### TASK REQUIREMENTS
Only lines with the word "injective" belong in the answer; copy them from the records below.

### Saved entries

(* Let $f_0,\ldots,f_{k-1}$, $k\ge2$, be diffeomorphisms of $S^n$ generating a minimal iterated function system, where $f_0$ is a north–south diffeomorphism with hyperbolic repelling fixed point $P_0$. Let $m$ be a stationary measure for the iterated function system with probabilities $p_0,\ldots,p_{k-1}$. Then $m(\{P_0\})=0$.
   Context: A north–south diffeomorphism of $S^n$ has a hyperbolic repelling fixed point $P_0$ and a hyperbolic attracting fixed point $Q_0$ whose basin of attraction is $S^n\setminus\{P_0\}$. The iterated function system is minimal if for every $x\in S^n$ some sequence $x_0=x$, $x_{j+1}=f_{i_j}(x_j)$ is dense in $S^n$. Given probabilities $p_i\in(0,1)$ with $\sum p_i=1$, a stationary measure is a Borel probability measure $m$ with $m=\sum_i p_i f_i m$, where $f_im(A)=m(f_i^{-1}(A))$. *)

From HB Require Import structures.
From mathcomp Require Import all_boot all_order all_algebra.
From mathcomp Require Import all_classical all_reals all_analysis.
Set Implicit Arguments. Unset Strict Implicit. Unset Printing Implicit Defensive.
Import Order.TTheory GRing.Theory Num.Theory.
Import numFieldNormedType.Exports.
Local Open Scope classical_set_scope.
Local Open Scope ring_scope.

(* Ambient space R^{n+1}, realised as row vectors 'rV[R]_(n.+1).
   (Its normed topology is the usual topology of R^{n+1}.) *)
Notation Rn1 R n := 'rV[R]_(n.+1).

Definition dotv {R : realType} {n : nat} (x y : Rn1 R n) : R :=
  \sum_(i < n.+1) x ord0 i * y ord0 i.

Definition unit_sph (R : realType) (n : nat) : set (Rn1 R n) :=
  [set x | dotv x x = 1].
Arguments unit_sph : clear implicits.

Definition tangent {R : realType} {n : nat} (P : Rn1 R n) : set (Rn1 R n) :=
  [set v | dotv P v = 0].

Fixpoint iterD {R : realType} {n : nat} (vs : seq (Rn1 R n))
    (g : Rn1 R n -> Rn1 R n) : Rn1 R n -> Rn1 R n :=
  match vs with
  | [::] => g
  | v :: vs' => fun x => 'd (iterD vs' g) x v
  end.

Definition smooth_on {R : realType} {n : nat} (U : set (Rn1 R n))
    (g : Rn1 R n -> Rn1 R n) : Prop :=
  forall (vs : seq (Rn1 R n)) x, U x -> differentiable (iterD vs g) x.

Definition smooth_ext {R : realType} {n : nat} (f F : Rn1 R n -> Rn1 R n) :=
  exists U : set (Rn1 R n), [/\ open U, unit_sph R n `<=` U, smooth_on U F &
    forall x, unit_sph R n x -> F x = f x].

Definition sph_smooth {R : realType} {n : nat} (f : Rn1 R n -> Rn1 R n) :=
  (forall x, unit_sph R n x -> unit_sph R n (f x)) /\ exists F, smooth_ext f F.

(* Diffeomorphism of S^n (only the values of f on S^n matter). *)
Definition sph_diffeo {R : realType} {n : nat} (f : Rn1 R n -> Rn1 R n) :=
  sph_smooth f /\ exists g : Rn1 R n -> Rn1 R n, [/\ sph_smooth g,
    (forall x, unit_sph R n x -> g (f x) = x) &
    (forall x, unit_sph R n x -> f (g x) = x)].

(* (a + i b) is a (complex) eigenvalue of the real linear map L restricted
   to the tangent space T_P S^n, with eigenvector u + i w (u, w in T_P S^n,
   not both zero), i.e. L(u + i w) = (a + i b)(u + i w). *)
Definition tangent_eigen {R : realType} {n : nat} (P : Rn1 R n)
    (L : Rn1 R n -> Rn1 R n) (a b : R) : Prop :=
  exists u w, [/\ tangent P u, tangent P w, (u != 0) || (w != 0),
    L u = a *: u - b *: w & L w = b *: u + a *: w].

Definition hyp_repelling {R : realType} {n : nat} (f : Rn1 R n -> Rn1 R n)
    (P : Rn1 R n) : Prop :=
  [/\ unit_sph R n P, f P = P &
    exists F, smooth_ext f F /\
      forall a b, tangent_eigen P ('d F P) a b -> 1 < a ^+ 2 + b ^+ 2].

Definition hyp_attracting {R : realType} {n : nat} (f : Rn1 R n -> Rn1 R n)
    (P : Rn1 R n) : Prop :=
  [/\ unit_sph R n P, f P = P &
    exists F, smooth_ext f F /\
      forall a b, tangent_eigen P ('d F P) a b -> a ^+ 2 + b ^+ 2 < 1].

Definition north_south {R : realType} {n : nat} (f : Rn1 R n -> Rn1 R n)
    (P0 Q0 : Rn1 R n) : Prop :=
  [/\ sph_diffeo f, hyp_repelling f P0, hyp_attracting f Q0 &
    forall x, unit_sph R n x ->
      ((fun j => iter j f x) @ \oo --> Q0 <-> x <> P0)].

Fixpoint ifs_orbit {R : realType} {n k : nat} (f : 'I_k -> Rn1 R n -> Rn1 R n)
    (x : Rn1 R n) (s : nat -> 'I_k) (j : nat) : Rn1 R n :=
  match j with
  | 0 => x
  | j'.+1 => f (s j') (ifs_orbit f x s j')
  end.

Definition ifs_minimal {R : realType} {n k : nat}
    (f : 'I_k -> Rn1 R n -> Rn1 R n) : Prop :=
  forall x, unit_sph R n x -> exists s : nat -> 'I_k,
    unit_sph R n `<=` closure (range (ifs_orbit f x s)).

Definition BorelRn (R : realType) (n : nat) :=
  g_sigma_algebraType (@open (Rn1 R n)).
Arguments BorelRn : clear implicits.

(* m is a stationary Borel probability measure on S^n: a Borel probability on
   R^{n+1} carried by S^n with m(A) = sum_i p_i m(f_i^{-1}(A)) (preimages taken
   inside S^n) for every Borel A. *)
Definition stationary {R : realType} {n k : nat}
    (f : 'I_k -> Rn1 R n -> Rn1 R n) (p : 'I_k -> R)
    (m : probability (BorelRn R n) R) : Prop :=
  m (unit_sph R n) = 1%E /\
  forall A : set (BorelRn R n), measurable A ->
    m A = (\sum_(i < k) (p i)%:E * m (unit_sph R n `&` f i @^-1` A))%E.

(* If P0 were an atom of m, look at the atoms of maximal mass: there are
   finitely many of them since m has total mass 1.  Stationarity makes the mass
   of a point the p-average of the masses of its preimages under the f_i, so the
   preimages of a maximal atom are maximal atoms again.  The finite set of
   maximal atoms is thus mapped into itself by the inverses of the f_i, hence,
   being finite, by the f_i themselves; by minimality it then contains the whole
   sphere, which is infinite. *)

From HB Require Import structures.
From mathcomp Require Import all_boot all_order all_algebra.
From mathcomp Require Import finmap.
From mathcomp Require Import all_classical all_reals all_analysis.
Import Order.TTheory GRing.Theory Num.Theory.
Import numFieldNormedType.Exports.
Local Open Scope classical_set_scope.
Local Open Scope ring_scope.

Set Implicit Arguments.
Unset Strict Implicit.
Unset Printing Implicit Defensive.

Lemma seq_argmax (R : realDomainType) (T : eqType) (F : T -> R) (s : seq T) :
  s != [::] -> exists2 x, x \in s & forall y, y \in s -> F y <= F x.
Proof.
elim: s => // a [|b s] IH _.
  by exists a => [|y]; rewrite ?mem_head // inE => /eqP ->.
have [x xs x_max] := IH isT.
have [Fxa|Fax] := leP (F x) (F a).
  exists a => [|y]; first exact: mem_head.
  by rewrite inE => /predU1P [->//|/x_max/le_trans]; apply.
exists x => [|y]; first by rewrite inE xs orbT.
by rewrite inE => /predU1P [->|/x_max//]; apply: ltW.
Qed.

Lemma convex_comb_eq_max (R : numDomainType) (k : nat) (p a : 'I_k -> R) (M : R) :
  (forall i, 0 < p i) -> \sum_i p i = 1 -> (forall i, a i <= M) ->
  \sum_i p i * a i = M -> forall i, a i = M.
Proof.
move=> p_gt0 p_sum1 a_le comb_eq i.
have gap_sum0 : \sum_j p j * (M - a j) = 0.
  under eq_bigr do rewrite mulrBr.
  by rewrite sumrB -mulr_suml p_sum1 mul1r comb_eq subrr.
have gap_ge0 j : true -> 0 <= p j * (M - a j).
  by move=> _; apply: mulr_ge0; [exact: ltW | rewrite subr_ge0].
move/eqP: (psumr_eq0P gap_ge0 gap_sum0 (i := i) isT).
by rewrite mulf_eq0 gt_eqF //= subr_eq0 => /eqP.
Qed.

Lemma sub_map_inj_in (T : eqType) (h : T -> T) (s : seq T) :
  {in s &, injective h} -> {subset map h s <= s} -> {subset s <= map h s}.
Proof.
move=> h_inj hs_s.
have h_inj' : {in undup s &, injective h}.
  by move=> x y; rewrite !mem_undup; apply: h_inj.
have uniq_hs : uniq (map h (undup s)) by rewrite map_inj_in_uniq ?undup_uniq.
have sub_hs : {subset map h (undup s) <= undup s}.
  move=> y; rewrite mem_undup => /mapP [x xs ->].
  by apply/hs_s/map_f; rewrite -mem_undup.
have [_ eq_hs] := uniq_min_size uniq_hs sub_hs (eq_leq (esym (size_map _ _))).
move=> x; rewrite -mem_undup -eq_hs => /mapP [y ys ->].
by apply: map_f; rewrite -mem_undup.
Qed.

Section MaximalWeights.
Variables (R : realType) (T : choiceType) (S : set T) (w : T -> R).
Hypothesis w_fsum_le1 :
  forall B : {fset T}, [set` B] `<=` S -> \sum_(x <- B) w x <= 1.

Lemma finite_superlevel (c : R) : 0 < c -> finite_set [set x | S x /\ c <= w x].
Proof.
move=> c_gt0; apply: contrapT.
move=> /(infinite_set_fset (Num.truncn c^-1).+1) [B BS]; apply/negP.
rewrite -leqNgt truncn_ge_nat ?invr_ge0 ?(ltW c_gt0) //.
have B_sub : [set` B] `<=` S by move=> x /BS [].
have sum_ge : c *+ #|` B| <= \sum_(x <- B) w x.
  rewrite -iter_addr_0 -(count_predT B) -big_const_seq !big_seq.
  by apply: ler_sum => x /BS [].
rewrite -(ler_pM2r c_gt0) mulVf ?gt_eqF // mulr_natl.
exact: le_trans sum_ge (w_fsum_le1 B_sub).
Qed.

Lemma weight_max_attained x0 : S x0 -> 0 < w x0 ->
  exists2 xM, S xM & forall y, S y -> w y <= w xM.
Proof.
move=> Sx0 wx0_gt0.
have /finite_seqP [s s_level] := finite_superlevel wx0_gt0.
have x0s : [set` s] x0 by rewrite -s_level.
have s_neq0 : s != [::] by case: s x0s {s_level}.
have [xM xMs xM_max] := seq_argmax w s_neq0.
have xM_level : [set` s] xM := xMs.
rewrite -s_level in xM_level; case: xM_level => SxM wx0_le.
exists xM => // y Sy; have [wx0_le_wy|wy_lt] := leP (w x0) (w y).
  by apply: xM_max; have : [set` s] y by rewrite -s_level.
exact/ltW/(lt_le_trans wy_lt).
Qed.

Variables (k : nat) (p : 'I_k -> R) (f g : 'I_k -> T -> T).
Hypothesis p_gt0 : forall i, 0 < p i.
Hypothesis p_sum1 : \sum_i p i = 1.
Hypothesis g_S : forall i x, S x -> S (g i x).
Hypothesis f_g : forall i x, S x -> f i (g i x) = x.
Hypothesis w_mean : forall x, S x -> w x = \sum_i p i * w (g i x).

Lemma finite_invariant_set x0 : S x0 -> 0 < w x0 ->
  exists s : seq T,
    [/\ s != [::], [set` s] `<=` S & forall i x, x \in s -> f i x \in s].
Proof.
move=> Sx0 wx0_gt0.
have [xM SxM xM_max] := weight_max_attained Sx0 wx0_gt0.
(* The superlevel set at the maximal weight is the set of maximisers. *)
have /finite_seqP [s s_level] :=
  finite_superlevel (lt_le_trans wx0_gt0 (xM_max _ Sx0)).
have s_max x : x \in s -> S x /\ w x = w xM.
  move=> xs; have : [set` s] x := xs.
  rewrite -s_level => -[Sx wxM_le].
  by split => //; apply/eqP; rewrite eq_le xM_max.
have max_s x : S x -> w x = w xM -> x \in s.
  move=> Sx wx; suff : [set` s] x by [].
  by rewrite -s_level; split; rewrite // wx.
have g_s i : {subset map (g i) s <= s}.
  move=> _ /mapP [x /s_max [Sx wx] ->]; apply: max_s; first exact: g_S.
  rewrite -wx; apply: (convex_comb_eq_max (a := fun j => w (g j x)) p_gt0 p_sum1).
    by move=> j; rewrite wx; apply/xM_max/g_S.
  by rewrite -w_mean.
exists s; split.
- by apply: contraTneq (max_s _ SxM erefl) => ->.
- by move=> x /s_max [].
move=> i x xs.
have g_inj : {in s &, injective (g i)}.
  by move=> y z /s_max [Sy _] /s_max [Sz _] gyz; rewrite -(f_g i Sy) gyz f_g.
have /mapP [y ys ->] := sub_map_inj_in g_inj (g_s i) xs.
by rewrite f_g //; case: (s_max y ys).
Qed.
End MaximalWeights.

Section Atoms.
Context d (T : measurableType d) (R : realType) (m : probability T R).
Hypothesis set1_meas : forall x : T, measurable [set x].

Definition atom (x : T) : R := fine (m [set x]).

Lemma atomE x : m [set x] = (atom x)%:E.
Proof.
rewrite fineK // ge0_fin_numE //.
by rewrite (le_lt_trans (probability_le1 m (set1_meas x))) ?ltry.
Qed.

Lemma atom_ge0 x : 0 <= atom x.
Proof. exact: fine_ge0. Qed.

Lemma atom_fsum_le1 (B : {fset T}) : \sum_(x <- B) atom x <= 1.
Proof.
have B_fin : finite_set [set` B] by [].
have mB : m [set` B] = (\sum_(x <- B) atom x)%:E.
  rewrite -(fsbig_setU_set1 B_fin) measure_fsbig //.
  - rewrite fsbig_finite // set_fsetK -sumEFin.
    by apply: eq_bigr => x _; exact: atomE.
  - by move=> x y _ _ [z [/= -> ->]].
have B_meas : measurable [set` B].
  by rewrite -(fsbig_setU_set1 B_fin) fsbig_finite //; apply: bigsetU_measurable.
by rewrite -lee_fin -mB probability_le1.
Qed.
End Atoms.

Lemma BorelRn_measurable_set1 (R : realType) (n : nat) (x : Rn1 R n) :
  measurable ([set x] : set (BorelRn R n)).
Proof.
rewrite -(setCK [set x]); apply: measurableC; apply: sub_gen_smallest.
apply: closed_openC; apply: accessible_closed_set1; apply: hausdorff_accessible.
exact: norm_hausdorff.
Qed.

Lemma sph_diffeo_inverses (R : realType) (n k : nat)
    (f : 'I_k -> Rn1 R n -> Rn1 R n) :
  (forall i, sph_diffeo (f i)) -> exists g : 'I_k -> Rn1 R n -> Rn1 R n,
    [/\ forall i x, unit_sph R n x -> unit_sph R n (g i x),
        forall i x, unit_sph R n x -> g i (f i x) = x &
        forall i x, unit_sph R n x -> f i (g i x) = x].
Proof.
move=> f_diffeo; have /choice [g g_inv] := fun i => (f_diffeo i).2.
by exists g; split=> i; have [[g_S _] gf fg] := g_inv i.
Qed.

Lemma stationary_atom_mean (R : realType) (n k : nat)
    (f g : 'I_k -> Rn1 R n -> Rn1 R n) (p : 'I_k -> R)
    (m : probability (BorelRn R n) R) :
  stationary f p m ->
  (forall i x, unit_sph R n x -> unit_sph R n (g i x)) ->
  (forall i x, unit_sph R n x -> g i (f i x) = x) ->
  (forall i x, unit_sph R n x -> f i (g i x) = x) ->
  forall x, unit_sph R n x -> atom m x = \sum_i p i * atom m (g i x).
Proof.
move=> [_ m_stat] g_S gf fg x Sx.
have preimage_x i : unit_sph R n `&` f i @^-1` [set x] = [set g i x].
  apply/seteqP; split => [y [Sy /= <-]|_ ->]; first by rewrite /= gf.
  by split; [exact: g_S | exact: fg].
have set1_meas := @BorelRn_measurable_set1 R n.
apply: EFin_inj; rewrite -(atomE m set1_meas) (m_stat _ (set1_meas x)) -sumEFin.
by apply: eq_bigr => i _; rewrite preimage_x (atomE m set1_meas).
Qed.

Lemma unit_sph_infinite (R : realType) (n : nat) :
  (1 <= n)%N -> infinite_set (unit_sph R n).
Proof.
case: n => // n _; apply/infiniteP/pcard_leP/injfunPex.
pose a (t : nat) : R := t.+1%:R^-1.
have a_ge0 t : 0 <= a t by rewrite invr_ge0.
have a_le1 t : a t <= 1 by rewrite invf_le1 // ler1n.
pose pt t : Rn1 R n.+1 := \row_(j < n.+2)
  if j == 0 :> nat then a t else if j == 1 :> nat then Num.sqrt (1 - a t ^+ 2) else 0.
exists pt => [t _|t u _ _].
  rewrite /= /unit_sph /dotv /= !big_ord_recl big1 => [|j _]; last by rewrite !mxE mul0r.
  rewrite !mxE /= -!expr2 sqr_sqrtr ?subr_ge0 ?exprn_ile1 //.
  by rewrite addr0 addrC subrK.
move/(congr1 (fun v : Rn1 R n.+1 => v ord0 ord0)); rewrite !mxE /=.
by move/invr_inj/eqP; rewrite eqr_nat => /eqP [].
Qed.

Section IFSOrbits.
Variables (R : realType) (n k : nat) (f : 'I_k -> Rn1 R n -> Rn1 R n).
Variable s : seq (Rn1 R n).
Hypothesis f_s : forall i x, x \in s -> f i x \in s.

Lemma ifs_orbit_mem x word j : x \in s -> ifs_orbit f x word j \in s.
Proof. by move=> xs; elim: j => //= j; apply: f_s. Qed.

Lemma ifs_minimal_sub_invariant y : ifs_minimal f ->
  unit_sph R n y -> y \in s -> unit_sph R n `<=` [set` s].
Proof.
move=> f_min Sy ys; have [word orbit_dense] := f_min y Sy.
have s_closed : closed [set` s].
  apply: (accessible_finite_set_closed (T := Rn1 R n)).1; last exact: finite_seq.
  by apply: hausdorff_accessible; exact: norm_hausdorff.
rewrite ((closure_id _).1 s_closed); apply: subset_trans orbit_dense _.
by apply: closureS => _ [j _ <-]; exact: ifs_orbit_mem.
Qed.
End IFSOrbits.

Theorem lemma3p4 (R : realType) (n k : nat) (f : 'I_k -> 'rV[R]_(n.+1) -> 'rV[R]_(n.+1))
  (p : 'I_k -> R) (m : probability (BorelRn R n) R)
  (i0 : 'I_k) (P0 Q0 : 'rV[R]_(n.+1)) :
  (1 <= n)%N -> (2 <= k)%N ->
  (forall i, sph_diffeo (f i)) ->
  ifs_minimal f ->
  north_south (f i0) P0 Q0 ->
  (forall i, 0 < p i < 1) -> \sum_(i < k) p i = 1 ->
  stationary f p m ->
  m [set P0] = 0%E.
Proof.
move=> n_ge1 _ f_diffeo f_min [_ [SP0 _ _] _ _] p_range p_sum1 m_stat.
have [g [g_S gf fg]] := sph_diffeo_inverses f_diffeo.
have set1_meas := @BorelRn_measurable_set1 R n.
apply/eqP/negPn/negP => mP0_neq0.
have atom_P0_gt0 : 0 < atom m P0.
  rewrite lt_def atom_ge0 andbT; apply: contra mP0_neq0 => /eqP atom_P0.
  by rewrite (atomE m set1_meas) atom_P0.
have [s [s_neq0 s_S f_s]] := finite_invariant_set
  (fun B _ => atom_fsum_le1 m set1_meas B) (fun i => (andP (p_range i)).1) p_sum1
  g_S fg (stationary_atom_mean m_stat g_S gf fg) SP0 atom_P0_gt0.
have [y ys] : exists y, y \in s.
  by case: s s_neq0 {s_S f_s} => // y s' _; exists y; exact: mem_head.
apply: (unit_sph_infinite (R := R) n_ge1); apply: sub_finite_set (finite_seq s).
exact: (ifs_minimal_sub_invariant (s := s) f_s f_min (s_S y ys) ys).
Qed.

### OUTPUT OF THE EXERCISE
  {in s &, injective h} -> {subset map h s <= s} -> {subset s <= map h s}.
have h_inj' : {in undup s &, injective h}.
have g_inj : {in s &, injective (g i)}.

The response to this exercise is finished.